== Study material ==
§
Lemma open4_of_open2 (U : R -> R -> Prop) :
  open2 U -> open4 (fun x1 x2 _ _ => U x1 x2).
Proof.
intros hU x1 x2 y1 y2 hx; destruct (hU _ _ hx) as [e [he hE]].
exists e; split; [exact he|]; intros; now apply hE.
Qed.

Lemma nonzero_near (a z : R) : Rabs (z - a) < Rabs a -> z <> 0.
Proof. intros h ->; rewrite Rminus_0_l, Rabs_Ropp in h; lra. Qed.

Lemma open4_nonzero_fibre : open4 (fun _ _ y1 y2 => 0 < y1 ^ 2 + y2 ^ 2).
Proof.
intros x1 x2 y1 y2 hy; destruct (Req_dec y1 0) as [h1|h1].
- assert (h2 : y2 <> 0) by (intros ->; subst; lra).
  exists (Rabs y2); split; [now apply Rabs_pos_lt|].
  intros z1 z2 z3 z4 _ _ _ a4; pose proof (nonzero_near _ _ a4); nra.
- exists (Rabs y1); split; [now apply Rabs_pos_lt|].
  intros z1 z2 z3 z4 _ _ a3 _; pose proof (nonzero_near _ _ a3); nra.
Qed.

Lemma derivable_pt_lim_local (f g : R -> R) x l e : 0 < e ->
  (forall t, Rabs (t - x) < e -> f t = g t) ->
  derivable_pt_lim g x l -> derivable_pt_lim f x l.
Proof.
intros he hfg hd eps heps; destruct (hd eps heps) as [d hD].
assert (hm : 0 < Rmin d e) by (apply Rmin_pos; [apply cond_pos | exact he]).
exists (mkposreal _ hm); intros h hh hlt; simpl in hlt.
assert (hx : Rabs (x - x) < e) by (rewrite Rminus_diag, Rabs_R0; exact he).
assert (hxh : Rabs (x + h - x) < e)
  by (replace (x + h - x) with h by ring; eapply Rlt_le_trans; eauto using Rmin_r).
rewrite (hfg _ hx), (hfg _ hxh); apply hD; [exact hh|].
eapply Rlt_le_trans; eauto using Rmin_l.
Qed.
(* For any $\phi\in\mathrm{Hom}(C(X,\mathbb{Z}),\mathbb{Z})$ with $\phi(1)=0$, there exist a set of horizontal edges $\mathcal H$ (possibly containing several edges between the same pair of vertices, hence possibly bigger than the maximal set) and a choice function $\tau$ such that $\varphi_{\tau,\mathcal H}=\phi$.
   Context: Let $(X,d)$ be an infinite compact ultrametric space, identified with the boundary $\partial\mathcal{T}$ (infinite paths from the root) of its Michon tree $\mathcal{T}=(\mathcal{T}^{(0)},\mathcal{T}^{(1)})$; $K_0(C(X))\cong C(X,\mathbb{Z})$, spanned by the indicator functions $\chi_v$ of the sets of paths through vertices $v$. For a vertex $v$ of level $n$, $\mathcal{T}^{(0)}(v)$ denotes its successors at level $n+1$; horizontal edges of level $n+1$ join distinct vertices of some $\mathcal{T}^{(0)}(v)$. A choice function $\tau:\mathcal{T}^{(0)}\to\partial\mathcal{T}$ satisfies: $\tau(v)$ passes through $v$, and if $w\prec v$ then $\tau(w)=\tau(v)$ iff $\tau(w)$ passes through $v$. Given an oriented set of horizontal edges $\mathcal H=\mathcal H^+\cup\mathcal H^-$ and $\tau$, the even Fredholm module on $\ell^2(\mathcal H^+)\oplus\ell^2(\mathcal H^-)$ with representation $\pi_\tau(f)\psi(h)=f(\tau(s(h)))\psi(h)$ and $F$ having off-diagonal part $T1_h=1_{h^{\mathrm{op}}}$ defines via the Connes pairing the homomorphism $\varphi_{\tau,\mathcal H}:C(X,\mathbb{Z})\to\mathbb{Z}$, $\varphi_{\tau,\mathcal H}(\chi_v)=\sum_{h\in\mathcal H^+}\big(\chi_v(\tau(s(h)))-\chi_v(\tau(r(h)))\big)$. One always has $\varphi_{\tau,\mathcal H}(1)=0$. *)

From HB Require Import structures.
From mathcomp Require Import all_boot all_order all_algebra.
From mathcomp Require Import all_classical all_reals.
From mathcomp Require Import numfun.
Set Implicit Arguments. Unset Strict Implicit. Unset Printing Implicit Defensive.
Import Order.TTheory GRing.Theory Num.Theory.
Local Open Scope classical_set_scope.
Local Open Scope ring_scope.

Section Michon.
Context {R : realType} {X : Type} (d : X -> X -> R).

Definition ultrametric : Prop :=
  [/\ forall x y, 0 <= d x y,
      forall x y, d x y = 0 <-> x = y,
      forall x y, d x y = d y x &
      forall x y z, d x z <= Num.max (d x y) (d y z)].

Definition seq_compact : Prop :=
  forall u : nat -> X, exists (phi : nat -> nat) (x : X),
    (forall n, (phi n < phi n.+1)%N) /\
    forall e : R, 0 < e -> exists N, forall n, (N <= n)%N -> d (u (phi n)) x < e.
§
== Your goal ==
Would you write out the data exactly as it reads?

== Result for this task ==
Lemma open4_of_open2 (U : R -> R -> Prop) :
  open2 U -> open4 (fun x1 x2 _ _ => U x1 x2).
Proof.
intros hU x1 x2 y1 y2 hx; destruct (hU _ _ hx) as [e [he hE]].
exists e; split; [exact he|]; intros; now apply hE.
Qed.

Lemma nonzero_near (a z : R) : Rabs (z - a) < Rabs a -> z <> 0.
Proof. intros h ->; rewrite Rminus_0_l, Rabs_Ropp in h; lra. Qed.

Lemma open4_nonzero_fibre : open4 (fun _ _ y1 y2 => 0 < y1 ^ 2 + y2 ^ 2).
Proof.
intros x1 x2 y1 y2 hy; destruct (Req_dec y1 0) as [h1|h1].
- assert (h2 : y2 <> 0) by (intros ->; subst; lra).
  exists (Rabs y2); split; [now apply Rabs_pos_lt|].
  intros z1 z2 z3 z4 _ _ _ a4; pose proof (nonzero_near _ _ a4); nra.
- exists (Rabs y1); split; [now apply Rabs_pos_lt|].
  intros z1 z2 z3 z4 _ _ a3 _; pose proof (nonzero_near _ _ a3); nra.
Qed.

Lemma derivable_pt_lim_local (f g : R -> R) x l e : 0 < e ->
  (forall t, Rabs (t - x) < e -> f t = g t) ->
  derivable_pt_lim g x l -> derivable_pt_lim f x l.
Proof.
intros he hfg hd eps heps; destruct (hd eps heps) as [d hD].
assert (hm : 0 < Rmin d e) by (apply Rmin_pos; [apply cond_pos | exact he]).
exists (mkposreal _ hm); intros h hh hlt; simpl in hlt.
assert (hx : Rabs (x - x) < e) by (rewrite Rminus_diag, Rabs_R0; exact he).
assert (hxh : Rabs (x + h - x) < e)
  by (replace (x + h - x) with h by ring; eapply Rlt_le_trans; eauto using Rmin_r).
rewrite (hfg _ hx), (hfg _ hxh); apply hD; [exact hh|].
eapply Rlt_le_trans; eauto using Rmin_l.
Qed.
(* For any $\phi\in\mathrm{Hom}(C(X,\mathbb{Z}),\mathbb{Z})$ with $\phi(1)=0$, there exist a set of horizontal edges $\mathcal H$ (possibly containing several edges between the same pair of vertices, hence possibly bigger than the maximal set) and a choice function $\tau$ such that $\varphi_{\tau,\mathcal H}=\phi$.
   Context: Let $(X,d)$ be an infinite compact ultrametric space, identified with the boundary $\partial\mathcal{T}$ (infinite paths from the root) of its Michon tree $\mathcal{T}=(\mathcal{T}^{(0)},\mathcal{T}^{(1)})$; $K_0(C(X))\cong C(X,\mathbb{Z})$, spanned by the indicator functions $\chi_v$ of the sets of paths through vertices $v$. For a vertex $v$ of level $n$, $\mathcal{T}^{(0)}(v)$ denotes its successors at level $n+1$; horizontal edges of level $n+1$ join distinct vertices of some $\mathcal{T}^{(0)}(v)$. A choice function $\tau:\mathcal{T}^{(0)}\to\partial\mathcal{T}$ satisfies: $\tau(v)$ passes through $v$, and if $w\prec v$ then $\tau(w)=\tau(v)$ iff $\tau(w)$ passes through $v$. Given an oriented set of horizontal edges $\mathcal H=\mathcal H^+\cup\mathcal H^-$ and $\tau$, the even Fredholm module on $\ell^2(\mathcal H^+)\oplus\ell^2(\mathcal H^-)$ with representation $\pi_\tau(f)\psi(h)=f(\tau(s(h)))\psi(h)$ and $F$ having off-diagonal part $T1_h=1_{h^{\mathrm{op}}}$ defines via the Connes pairing the homomorphism $\varphi_{\tau,\mathcal H}:C(X,\mathbb{Z})\to\mathbb{Z}$, $\varphi_{\tau,\mathcal H}(\chi_v)=\sum_{h\in\mathcal H^+}\big(\chi_v(\tau(s(h)))-\chi_v(\tau(r(h)))\big)$. One always has $\varphi_{\tau,\mathcal H}(1)=0$. *)

From HB Require Import structures.
From mathcomp Require Import all_boot all_order all_algebra.
From mathcomp Require Import all_classical all_reals.
From mathcomp Require Import numfun.
Set Implicit Arguments. Unset Strict Implicit. Unset Printing Implicit Defensive.
Import Order.TTheory GRing.Theory Num.Theory.
Local Open Scope classical_set_scope.
Local Open Scope ring_scope.

Section Michon.
Context {R : realType} {X : Type} (d : X -> X -> R).

Definition ultrametric : Prop :=
  [/\ forall x y, 0 <= d x y,
      forall x y, d x y = 0 <-> x = y,
      forall x y, d x y = d y x &
      forall x y z, d x z <= Num.max (d x y) (d y z)].

Definition seq_compact : Prop :=
  forall u : nat -> X, exists (phi : nat -> nat) (x : X),
    (forall n, (phi n < phi n.+1)%N) /\
    forall e : R, 0 < e -> exists N, forall n, (N <= n)%N -> d (u (phi n)) x < e.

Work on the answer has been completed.